▸ **YOUR ASSIGNMENT**
Look through the listing for the word "unfold". Copy each line that has it.

+++

(* Consider the reaction–diffusion system on $\Omega=[0,\pi]$ with homogeneous Neumann boundary conditions, $$\partial_t f=d_1\Delta f+r\alpha f m(1-f-m)-(1+h)f,\qquad \partial_t m=d_2\Delta m+(1-r)\alpha f m(1-f-m)+(s-1)m,$$ with $0<r<1$, $\alpha>0$, $h\ge0$, $0\le s<1$, $d_1,d_2>0$. At every positive spatially homogeneous steady state $(f^*,m^* )$, the Jacobian $J=(J_{ij})$ of the reaction terms satisfies $J_{11}<0$ and $J_{22}<0$. Consequently, for no choice of $d_1,d_2>0$ do the Turing instability conditions $$J_{11}+J_{22}<0,\quad J_{11}J_{22}-J_{12}J_{21}>0,\quad d_2J_{11}+d_1J_{22}>0,\quad (d_2J_{11}+d_1J_{22})^2-4d_1d_2(J_{11}J_{22}-J_{12}J_{21})>0$$ hold, i.e. the system exhibits no Turing (diffusion-driven) instability.
   Context: Spatially explicit FHMS mating model without Allee effect; $f,m$ are scaled female/male densities, $r$ primary sex ratio, $h$ scaled harvesting rate, $s$ scaled stocking rate, $d_1,d_2$ diffusion coefficients. *)

From Stdlib Require Import Reals.
From Coquelicot Require Import Coquelicot.
Open Scope R_scope.

Definition reacF (r alpha h : R) (f m : R) : R :=
  r * alpha * f * m * (1 - f - m) - (1 + h) * f.

Definition reacG (r alpha s : R) (f m : R) : R :=
  (1 - r) * alpha * f * m * (1 - f - m) + (s - 1) * m.

Definition J11 r alpha h (f m : R) : R := Derive (fun x => reacF r alpha h x m) f.
Definition J12 r alpha h (f m : R) : R := Derive (fun y => reacF r alpha h f y) m.
Definition J21 r alpha s (f m : R) : R := Derive (fun x => reacG r alpha s x m) f.
Definition J22 r alpha s (f m : R) : R := Derive (fun y => reacG r alpha s f y) m.

Definition turing_conditions (a b c d d1 d2 : R) : Prop :=
  a + d < 0 /\ a * d - b * c > 0 /\ d2 * a + d1 * d > 0 /\
  (d2 * a + d1 * d) ^ 2 - 4 * d1 * d2 * (a * d - b * c) > 0.

(* At a positive homogeneous steady state (f0, m0) the equations
   F(f0, m0) = 0 and G(f0, m0) = 0 can be divided by f0 resp. m0, giving
     r α m0 (1 - f0 - m0) = 1 + h   and   (1 - r) α f0 (1 - f0 - m0) = 1 - s.
   Substituting these into the closed forms of the diagonal Jacobian
   entries leaves J11 = -r α f0 m0 < 0 and J22 = -(1 - r) α f0 m0 < 0.
   Independently of the model, a Jacobian with negative diagonal can never
   satisfy the third Turing condition d2 J11 + d1 J22 > 0 for positive
   diffusion coefficients, so no Turing instability occurs. *)

From Stdlib Require Import Reals Lra.
From Coquelicot Require Import Coquelicot.
Open Scope R_scope.

Lemma J11_closed_form r alpha h f m :
  J11 r alpha h f m = r * alpha * m * (1 - f - m) - r * alpha * f * m - (1 + h).
Proof.
  unfold J11, reacF; apply is_derive_unique; auto_derive; auto; ring.
Qed.

Lemma J22_closed_form r alpha s f m :
  J22 r alpha s f m =
    (1 - r) * alpha * f * (1 - f - m) - (1 - r) * alpha * f * m + (s - 1).
Proof.
  unfold J22, reacG; apply is_derive_unique; auto_derive; auto; ring.
Qed.

Lemma reacF_steady_state r alpha h f m :
  0 < f -> reacF r alpha h f m = 0 -> r * alpha * m * (1 - f - m) = 1 + h.
Proof.
  unfold reacF; intros Hf HF.
  apply (Rmult_eq_reg_l f); [lra | apply Rgt_not_eq; exact Hf].
Qed.

Lemma reacG_steady_state r alpha s f m :
  0 < m -> reacG r alpha s f m = 0 -> (1 - r) * alpha * f * (1 - f - m) = 1 - s.
Proof.
  unfold reacG; intros Hm HG.
  apply (Rmult_eq_reg_l m); [lra | apply Rgt_not_eq; exact Hm].
Qed.

Lemma J11_neg_at_steady_state r alpha h f m :
  0 < r -> 0 < alpha -> 0 < f -> 0 < m -> reacF r alpha h f m = 0 ->
  J11 r alpha h f m < 0.
Proof.
  intros Hr Ha Hf Hm HF.
  rewrite J11_closed_form, (reacF_steady_state _ _ _ _ _ Hf HF).
  assert (0 < r * alpha * f * m) by (repeat apply Rmult_lt_0_compat; lra).
  lra.
Qed.

Lemma J22_neg_at_steady_state r alpha s f m :
  r < 1 -> 0 < alpha -> 0 < f -> 0 < m -> reacG r alpha s f m = 0 ->
  J22 r alpha s f m < 0.
Proof.
  intros Hr Ha Hf Hm HG.
  rewrite J22_closed_form, (reacG_steady_state _ _ _ _ _ Hm HG).
  assert (0 < (1 - r) * alpha * f * m) by (repeat apply Rmult_lt_0_compat; lra).
  lra.
Qed.

Lemma no_turing_of_negative_diagonal (a b c d d1 d2 : R) :
  a < 0 -> d < 0 -> 0 < d1 -> 0 < d2 -> ~ turing_conditions a b c d d1 d2.
Proof.
  intros Ha Hd H1 H2 [_ [_ [Hdiff _]]].
  assert (d2 * a < 0) by (apply Rmult_pos_neg; assumption).
  assert (d1 * d < 0) by (apply Rmult_pos_neg; assumption).
  lra.
Qed.

Theorem mainTheorem10 (r alpha h s : R) :
  0 < r < 1 -> 0 < alpha -> 0 <= h -> 0 <= s < 1 ->
  forall fs ms : R, 0 < fs -> 0 < ms ->
  reacF r alpha h fs ms = 0 -> reacG r alpha s fs ms = 0 ->
  J11 r alpha h fs ms < 0 /\ J22 r alpha s fs ms < 0 /\
  (forall d1 d2 : R, 0 < d1 -> 0 < d2 ->
     ~ turing_conditions (J11 r alpha h fs ms) (J12 r alpha h fs ms)
                         (J21 r alpha s fs ms) (J22 r alpha s fs ms) d1 d2).
Proof.
  intros [Hr0 Hr1] Ha _ _ fs ms Hf Hm HF HG.
  assert (HJ11 := J11_neg_at_steady_state _ _ _ _ _ Hr0 Ha Hf Hm HF).
  assert (HJ22 := J22_neg_at_steady_state _ _ _ _ _ Hr1 Ha Hf Hm HG).
  split; [exact HJ11 | split; [exact HJ22 |]].
  intros d1 d2 H1 H2.
  exact (no_turing_of_negative_diagonal _ _ _ _ _ _ HJ11 HJ22 H1 H2).
Qed.
Lemma avg_dev_between {m : nat} {t : R} : (m1 <= m)%N -> r_ m.+1 <= t < r_ m ->
  avg_dev dist mu eta x t <= powR 2 a^-1 * avg_dev dist mu eta x (r_ m.+1).
Proof.
move=> m1m /andP[st tm]; have m1Sm := leqW m1m.
have s0 := r_seq_gt0 m1Sm.
have t0 : 0 < t := lt_le_trans s0 st.
have tRad : t <= Rad := ltW (lt_trans tm (r_seq_lt_Rad m1m)).
have sRad : r_ m.+1 <= Rad := le_trans st tRad.
have Mt : Mval a t <= m%:R^-1.
  by have := Mfun_below_r_seq m1m tm; rewrite MfunE // lte_fin => /ltW.
have Ms : m.+1%:R^-1 <= Mval a (r_ m.+1).
  by have := Mfun_r_seq m1Sm; rewrite MfunE // lee_fin.
rewrite !avg_devE; apply: ratio_le_of_powR_le;
  rewrite ?mass_gt0 ?vol_gt0 ?vol_le //.
rewrite -/(Mval a t) -/(Mval a (r_ m.+1)); apply: le_trans Mt _.
apply: le_trans (invn_le_twice_invSn (leq_trans m_one_gt0 m1m)) _.
by rewrite ler_pM2l.
Qed.

(* convergence along (r_m) gives convergence as t -> 0+, by bracketing t *)
Lemma lebesgue_point_of_along :
  lebesgue_point_along dist mu eta x (fun n => r_ (n + m1)) ->
  lebesgue_point dist mu eta x.
Proof.
case=> _ _ avg_cvg; apply/cvgrPdist_lt => e e0.
have K0 : 0 < powR 2 a^-1 by rewrite powR_gt0.
have /cvgrPdist_lt/(_ _ (divr_gt0 e0 K0)) [N _ hN] := avg_cvg.
near=> t.
have t0 : 0 < t by near: t; exact: nbhs_right_gt.
have tN : t < r_ (N + m1) by near: t; exact/nbhs_right_lt/r_seq_gt0/leq_addl.
have [n Nn /andP[tn1 tn]] := bracket_cvg0 r_seq_cvg0 t0 tN.
rewrite /= addSn in tn1.
rewrite sub0r normrN ger0_norm ?avg_dev_ge0 //.
apply: le_lt_trans (avg_dev_between (leq_addl n m1) _) _; first by rewrite tn1 tn.
rewrite mulrC -ltr_pdivlMr //.
by have := hN n.+1 (leqW Nn); rewrite sub0r normrN ger0_norm ?avg_dev_ge0 // addSn.
Unshelve. all: by end_near.
Qed.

+++

▸ **RESULT FOR THIS EXERCISE**
  unfold J11, reacF; apply is_derive_unique; auto_derive; auto; ring.
  unfold J22, reacG; apply is_derive_unique; auto_derive; auto; ring.
  unfold reacF; intros Hf HF.
  unfold reacG; intros Hm HG.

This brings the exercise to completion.